**Exercise objective:**
Give back exactly the lines of the material below, starting with the line with "by under eq_fun do rewrite addrC." and going on through the line with "- by move=> u z /(C2".

**Records supplied:**
=== Begin Enclosure ===

(* Let $(Y,\preceq,\prec,\to)$ be a solid vector space and let $\tau$ be its order topology. Then: (i) for a sequence $(x_n)$ in $Y$ and $x\in Y$, $x_n\to x$ in $\tau$ if and only if for every $c\succ0$ there exists $N\in\mathbb N$ such that $x-c\prec x_n\prec x+c$ for all $n>N$; (ii) $x_n\to x$ implies that $x_n\to x$ in $\tau$.
   Context: Vector space with convergence: a real vector space $Y$ with a relation $\to$ between sequences in $Y$ and points of $Y$ (uniqueness of limits not assumed) such that (C1) $x_n\to x$, $y_n\to y$ imply $x_n+y_n\to x+y$; (C2) $x_n\to x$, $\lambda\in\mathbb R$ imply $\lambda x_n\to\lambda x$; (C3) $\lambda_n\to\lambda$ in $\mathbb R$ imply $\lambda_n x\to\lambda x$. $A\subseteq Y$ is open if $x_n\to x\in A$ implies $x_n\in A$ for all but finitely many $n$; closed if $x_n\to x$, $x_n\in A$ $\forall n$ imply $x\in A$; $A^\circ$ is the union of all open subsets of $A$. A cone is a nonempty closed $K$ with $\lambda K\subseteq K$ ($\lambda\ge0$), $K+K\subseteq K$, $K\cap(-K)=\{0\}$; solid if $K\neq\{0\}$, $K^\circ\ne\emptyset$. A vector ordering is a partial order $\preceq$ with (V1) $x\preceq y\Rightarrow x+z\preceq y+z$; (V2) $\lambda\ge0$, $x\preceq y\Rightarrow\lambda x\preceq\lambda y$; (V3) $x_n\to x$, $y_n\to y$, $x_n\preceq y_n$ $\forall n\Rightarrow x\preceq y$. Solid vector space: positive cone $K=\{x:x\succeq0\}$ solid, with $x\prec y$ iff $y-x\in K^\circ$. The order topology $\tau$ on a solid vector space is the topology with basis the open intervals $(a,b)=\{x: a\prec x\prec b\}$, $a\prec b$. *)

From HB Require Import structures.
From mathcomp Require Import all_boot all_order all_algebra.
From mathcomp Require Import all_classical all_reals all_analysis.
Set Implicit Arguments. Unset Strict Implicit. Unset Printing Implicit Defensive.
Import Order.TTheory GRing.Theory Num.Theory.
Import numFieldNormedType.Exports.
Local Open Scope classical_set_scope.
Local Open Scope ring_scope.

Section VSC.
Variables (R : realType) (Y : lmodType R).
Variable conv : (nat -> Y) -> Y -> Prop.

Definition vector_space_with_convergence : Prop :=
  [/\ (forall (u v : nat -> Y) (x y : Y), conv u x -> conv v y ->
          conv (fun n => u n + v n) (x + y)),
      (forall (u : nat -> Y) (x : Y) (l : R), conv u x ->
          conv (fun n => l *: u n) (l *: x)) &
      (forall (lam : nat -> R) (l : R) (x : Y), lam @ \oo --> l ->
          conv (fun n => lam n *: x) (l *: x))].

Definition conv_open (A : Y -> Prop) : Prop :=
  forall (u : nat -> Y) (x : Y), conv u x -> A x ->
    exists N : nat, forall n : nat, (N <= n)%N -> A (u n).

Definition conv_closed (A : Y -> Prop) : Prop :=
  forall (u : nat -> Y) (x : Y), conv u x -> (forall n, A (u n)) -> A x.

Definition conv_interior (A : Y -> Prop) (x : Y) : Prop :=
  exists U : Y -> Prop, [/\ conv_open U, (forall y, U y -> A y) & U x].

Definition is_cone (K : Y -> Prop) : Prop :=
  [/\ (exists x, K x), conv_closed K,
      (forall (l : R) (x : Y), 0 <= l -> K x -> K (l *: x)),
      (forall x y, K x -> K y -> K (x + y)) &
      (forall x, K x -> K (- x) -> x = 0)].

Definition is_solid_cone (K : Y -> Prop) : Prop :=
  [/\ is_cone K, (exists x, K x /\ x <> 0) & (exists x, conv_interior K x)].

Variable le : Y -> Y -> Prop.

Definition is_vector_ordering : Prop :=
  [/\ (forall x, le x x) /\
        (forall x y, le x y -> le y x -> x = y) /\
        (forall x y z, le x y -> le y z -> le x z),
      (forall x y z, le x y -> le (x + z) (y + z)),
      (forall (l : R) x y, 0 <= l -> le x y -> le (l *: x) (l *: y)) &
      (forall (u v : nat -> Y) x y, conv u x -> conv v y ->
          (forall n, le (u n) (v n)) -> le x y)].

Definition pos_cone (x : Y) : Prop := le 0 x.

Definition slt (x y : Y) : Prop := conv_interior pos_cone (y - x).

Definition solid_vector_space : Prop :=
  [/\ vector_space_with_convergence, is_vector_ordering & is_solid_cone pos_cone].

Definition open_interval (a b : Y) (x : Y) : Prop := slt a x /\ slt x b.

Definition order_open (U : Y -> Prop) : Prop :=
  forall x, U x -> exists a b, [/\ slt a b, open_interval a b x &
                               (forall y, open_interval a b y -> U y)].

Definition order_conv (u : nat -> Y) (x : Y) : Prop :=
  forall U, order_open U -> U x -> exists N : nat, forall n, (N <= n)%N -> U (u n).

End VSC.

From HB Require Import structures.
From mathcomp Require Import all_boot all_order all_algebra.
From mathcomp Require Import all_classical all_reals all_analysis.
Import Order.TTheory GRing.Theory Num.Theory.
Import numFieldNormedType.Exports.
Local Open Scope ring_scope.
Set Implicit Arguments. Unset Strict Implicit.

(* A strictly positive c is small enough that (x - c, x + c) sits inside any
   given interval (a, b) around x: the interior point b - x absorbs
   s (x - a) for small s > 0, because b - x - s (x - a) converges to b - x as
   s -> 0; take c := s (x - a).  With such centred intervals as a neighbourhood
   base, (i) is immediate, and (ii) follows since u n - (x - c) and
   x + c - u n converge to the interior point c, hence eventually lie in the
   (sequentially open) interior of the positive cone. *)

Section ConvergenceInterior.
Variables (R : realType) (Y : lmodType R) (conv : (nat -> Y) -> Y -> Prop).
Hypothesis Hconv : vector_space_with_convergence conv.

Lemma conv_cst (k : Y) : conv (fun _ => k) k.
Proof.
case: Hconv => _ _ C3.
by have := C3 (fun=> 1) 1 k; rewrite scale1r; apply; apply: cvg_cst.
Qed.

Lemma conv_addr {u : nat -> Y} {x : Y} (k : Y) :
  conv u x -> conv (fun n => u n + k) (x + k).
Proof. by case: Hconv => C1 _ _ cu; apply: C1 cu (conv_cst k). Qed.

Lemma conv_opp {u : nat -> Y} {x : Y} : conv u x -> conv (fun n => - u n) (- x).
Proof.
case: Hconv => _ C2 _ /(C2 _ _ (-1)).
by rewrite scaleN1r; under eq_fun do rewrite scaleN1r.
Qed.

Lemma conv_lower_gap {u : nat -> Y} {x : Y} (c : Y) :
  conv u x -> conv (fun n => u n - (x - c)) c.
Proof. by move=> /(conv_addr (- (x - c))); rewrite subKr. Qed.

Lemma conv_upper_gap {u : nat -> Y} {x : Y} (c : Y) :
  conv u x -> conv (fun n => x + c - u n) c.
Proof.
move=> /conv_opp/(conv_addr (x + c)); rewrite addKr.
by under eq_fun do rewrite addrC.
Qed.

Lemma conv_interior_eventually {K : Y -> Prop} {u : nat -> Y} {z : Y} :
  conv u z -> conv_interior conv K z ->
  exists N, forall n, (N <= n)%N -> conv_interior conv K (u n).
Proof.
move=> cu [U [oU sUK Uz]]; have [N HN] := oU _ _ cu Uz.
by exists N => n /HN Un; exists U.
Qed.

Lemma conv_interior_sub (K : Y -> Prop) (z : Y) : conv_interior conv K z -> K z.
Proof. by case=> U [_ sUK Uz]; apply: sUK. Qed.

Lemma conv_interior_addr (K : Y -> Prop) (p k : Y) :
  (forall y z, K y -> K z -> K (y + z)) ->
  conv_interior conv K p -> K k -> conv_interior conv K (p + k).
Proof.
move=> Kadd [U [oU sUK Up]] Kk; exists (fun y => U (y - k)); split.
- by move=> u z cu Uz; apply: oU (conv_addr (- k) cu) Uz.
- by move=> y /sUK /(Kadd _ _)/(_ Kk); rewrite subrK.
- by rewrite addrK.
Qed.

Lemma conv_interior_scale (K : Y -> Prop) (s : R) (p : Y) :
  (forall (l : R) y, 0 <= l -> K y -> K (l *: y)) -> 0 < s ->
  conv_interior conv K p -> conv_interior conv K (s *: p).
Proof.
move=> Kscale s_gt0 [U [oU sUK Up]]; case: Hconv => _ C2 _.
have s_neq0 : s != 0 by rewrite gt_eqF.
exists (fun y => U (s^-1 *: y)); split.
- by move=> u z /(C2 _ _ s^-1) cu Uz; apply: oU cu Uz.
- move=> y /sUK /(Kscale s _ (ltW s_gt0)).
  by rewrite scalerA mulfV // scale1r.
- by rewrite scalerA mulVf // scale1r.
Qed.

Lemma conv_interior_absorbing (K : Y -> Prop) (q p : Y) :
  conv_interior conv K q -> exists s : R, [/\ 0 < s, s <= 1 & K (q - s *: p)].
Proof.
move=> Kq; case: Hconv => _ _ C3.
have cq : conv (fun n => - (harmonic n *: p) + q) q.
  rewrite -[X in conv _ X]add0r -oppr0 -(scale0r p).
  by apply/conv_addr/conv_opp/C3/cvg_harmonic.
have [M HM] := conv_interior_eventually cq Kq.
exists (harmonic M); split; first exact: harmonic_gt0.
- by rewrite /= invr_le1 ?ler1n ?ltr0n // unitf_gt0.
- by rewrite addrC; apply: conv_interior_sub (HM M _).
Qed.

End ConvergenceInterior.

Section SolidVectorSpace.
Variables (R : realType) (Y : lmodType R).
Variables (conv : (nat -> Y) -> Y -> Prop) (le : Y -> Y -> Prop).
Hypothesis HY : solid_vector_space conv le.

Let Hconv : vector_space_with_convergence conv. Proof. by case: HY. Qed.
Let Kadd x y : pos_cone le x -> pos_cone le y -> pos_cone le (x + y).
Proof. by case: HY => _ _ [[_ _ _ Kadd _] _ _]; apply: Kadd. Qed.
Let Kscale (l : R) x : 0 <= l -> pos_cone le x -> pos_cone le (l *: x).
Proof. by case: HY => _ _ [[_ _ Kscale _ _] _ _]; apply: Kscale. Qed.

Lemma slt0 (c : Y) : slt conv le 0 c <-> conv_interior conv (pos_cone le) c.
Proof. by rewrite /slt subr0. Qed.

Lemma slt_le_trans (a y b : Y) :
  slt conv le a y -> pos_cone le (b - y) -> slt conv le a b.
Proof.
move=> ay /(conv_interior_addr Hconv Kadd ay).
by rewrite /slt addrC addrA subrK.
Qed.

Lemma le_slt_trans (a y b : Y) :
  pos_cone le (y - a) -> slt conv le y b -> slt conv le a b.
Proof.
move=> Kya /(conv_interior_addr Hconv Kadd)/(_ Kya).
by rewrite /slt addrA subrK.
Qed.

Lemma slt_trans (a y b : Y) :
  slt conv le a y -> slt conv le y b -> slt conv le a b.
Proof. by move=> /(conv_interior_sub (K := pos_cone le)); apply: le_slt_trans. Qed.

Lemma order_open_interval (a b : Y) : order_open conv le (open_interval conv le a b).
Proof.
move=> x [ax xb]; exists a, b; split => //.
exact: slt_trans ax xb.
Qed.

Lemma centered_interval_mem (x c : Y) :
  slt conv le 0 c -> open_interval conv le (x - c) (x + c) x.
Proof.
rewrite slt0 => c_gt0; split; rewrite /slt.
- by rewrite subKr.
- by rewrite [x + c]addrC addrK.
Qed.

Lemma centered_subinterval (a b x : Y) : open_interval conv le a b x ->
  exists c, slt conv le 0 c /\ forall y,
    open_interval conv le (x - c) (x + c) y -> open_interval conv le a b y.
Proof.
move=> [ax xb].
have [s [s_gt0 s_le1 Kbxc]] := conv_interior_absorbing Hconv (x - a) xb.
exists (s *: (x - a)); split; first exact/slt0/conv_interior_scale.
have Kxca : pos_cone le (x - s *: (x - a) - a).
  rewrite addrAC -{1}[x - a]scale1r -scalerBl.
  by apply: Kscale; [rewrite subr_ge0 | apply: conv_interior_sub ax].
move=> y [y_gt y_lt]; split; first exact: le_slt_trans Kxca y_gt.
by apply: slt_le_trans y_lt _; rewrite opprD addrA.
Qed.

Lemma order_conv_centered (u : nat -> Y) (x : Y) :
  order_conv conv le u x <->
  (forall c : Y, slt conv le 0 c ->
     exists N : nat, forall n : nat, (N < n)%N ->
       slt conv le (x - c) (u n) /\ slt conv le (u n) (x + c)).
Proof.
split=> [ux c c_gt0 | Hc U oU Ux].
- have [N HN] := ux _ (@order_open_interval (x - c) (x + c))
    (centered_interval_mem x c_gt0).
  by exists N => n /ltnW /HN.
- have [a [b [_ abx sabU]]] := oU x Ux.
  have [c [c_gt0 sub_ab]] := centered_subinterval abx.
  have [N HN] := Hc c c_gt0.
  by exists N.+1 => n /HN ?; apply/sabU/sub_ab.
Qed.

Lemma conv_order_conv (u : nat -> Y) (x : Y) :
  conv u x -> order_conv conv le u x.
Proof.
move=> cu; apply/order_conv_centered => c /slt0 c_gt0.
have [N1 H1] := conv_interior_eventually (conv_lower_gap Hconv c cu) c_gt0.
have [N2 H2] := conv_interior_eventually (conv_upper_gap Hconv c cu) c_gt0.
by exists (maxn N1 N2) => n; rewrite gtn_max => /andP[/ltnW/H1 ? /ltnW/H2].
Qed.

End SolidVectorSpace.

Unset Implicit Arguments.

Theorem theorem6p5 (R : realType) (Y : lmodType R)
    (conv : (nat -> Y) -> Y -> Prop) (le : Y -> Y -> Prop)
    (HY : solid_vector_space conv le) :
  (forall (u : nat -> Y) (x : Y),
      order_conv conv le u x <->
      (forall c : Y, slt conv le 0 c ->
         exists N : nat, forall n : nat, (N < n)%N ->
           slt conv le (x - c) (u n) /\ slt conv le (u n) (x + c))) /\
  (forall (u : nat -> Y) (x : Y), conv u x -> order_conv conv le u x).
Proof.
split=> u x; [exact: order_conv_centered | exact: conv_order_conv].
Qed.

=== End Enclosure ===

**Solved problem:**
by under eq_fun do rewrite addrC.
Qed.

Lemma conv_interior_eventually {K : Y -> Prop} {u : nat -> Y} {z : Y} :
  conv u z -> conv_interior conv K z ->
  exists N, forall n, (N <= n)%N -> conv_interior conv K (u n).
Proof.
move=> cu [U [oU sUK Uz]]; have [N HN] := oU _ _ cu Uz.
by exists N => n /HN Un; exists U.
Qed.

Lemma conv_interior_sub (K : Y -> Prop) (z : Y) : conv_interior conv K z -> K z.
Proof. by case=> U [_ sUK Uz]; apply: sUK. Qed.

Lemma conv_interior_addr (K : Y -> Prop) (p k : Y) :
  (forall y z, K y -> K z -> K (y + z)) ->
  conv_interior conv K p -> K k -> conv_interior conv K (p + k).
Proof.
move=> Kadd [U [oU sUK Up]] Kk; exists (fun y => U (y - k)); split.
- by move=> u z cu Uz; apply: oU (conv_addr (- k) cu) Uz.
- by move=> y /sUK /(Kadd _ _)/(_ Kk); rewrite subrK.
- by rewrite addrK.
Qed.

Lemma conv_interior_scale (K : Y -> Prop) (s : R) (p : Y) :
  (forall (l : R) y, 0 <= l -> K y -> K (l *: y)) -> 0 < s ->
  conv_interior conv K p -> conv_interior conv K (s *: p).
Proof.
move=> Kscale s_gt0 [U [oU sUK Up]]; case: Hconv => _ C2 _.
have s_neq0 : s != 0 by rewrite gt_eqF.
exists (fun y => U (s^-1 *: y)); split.
- by move=> u z /(C2 _ _ s^-1) cu Uz; apply: oU cu Uz.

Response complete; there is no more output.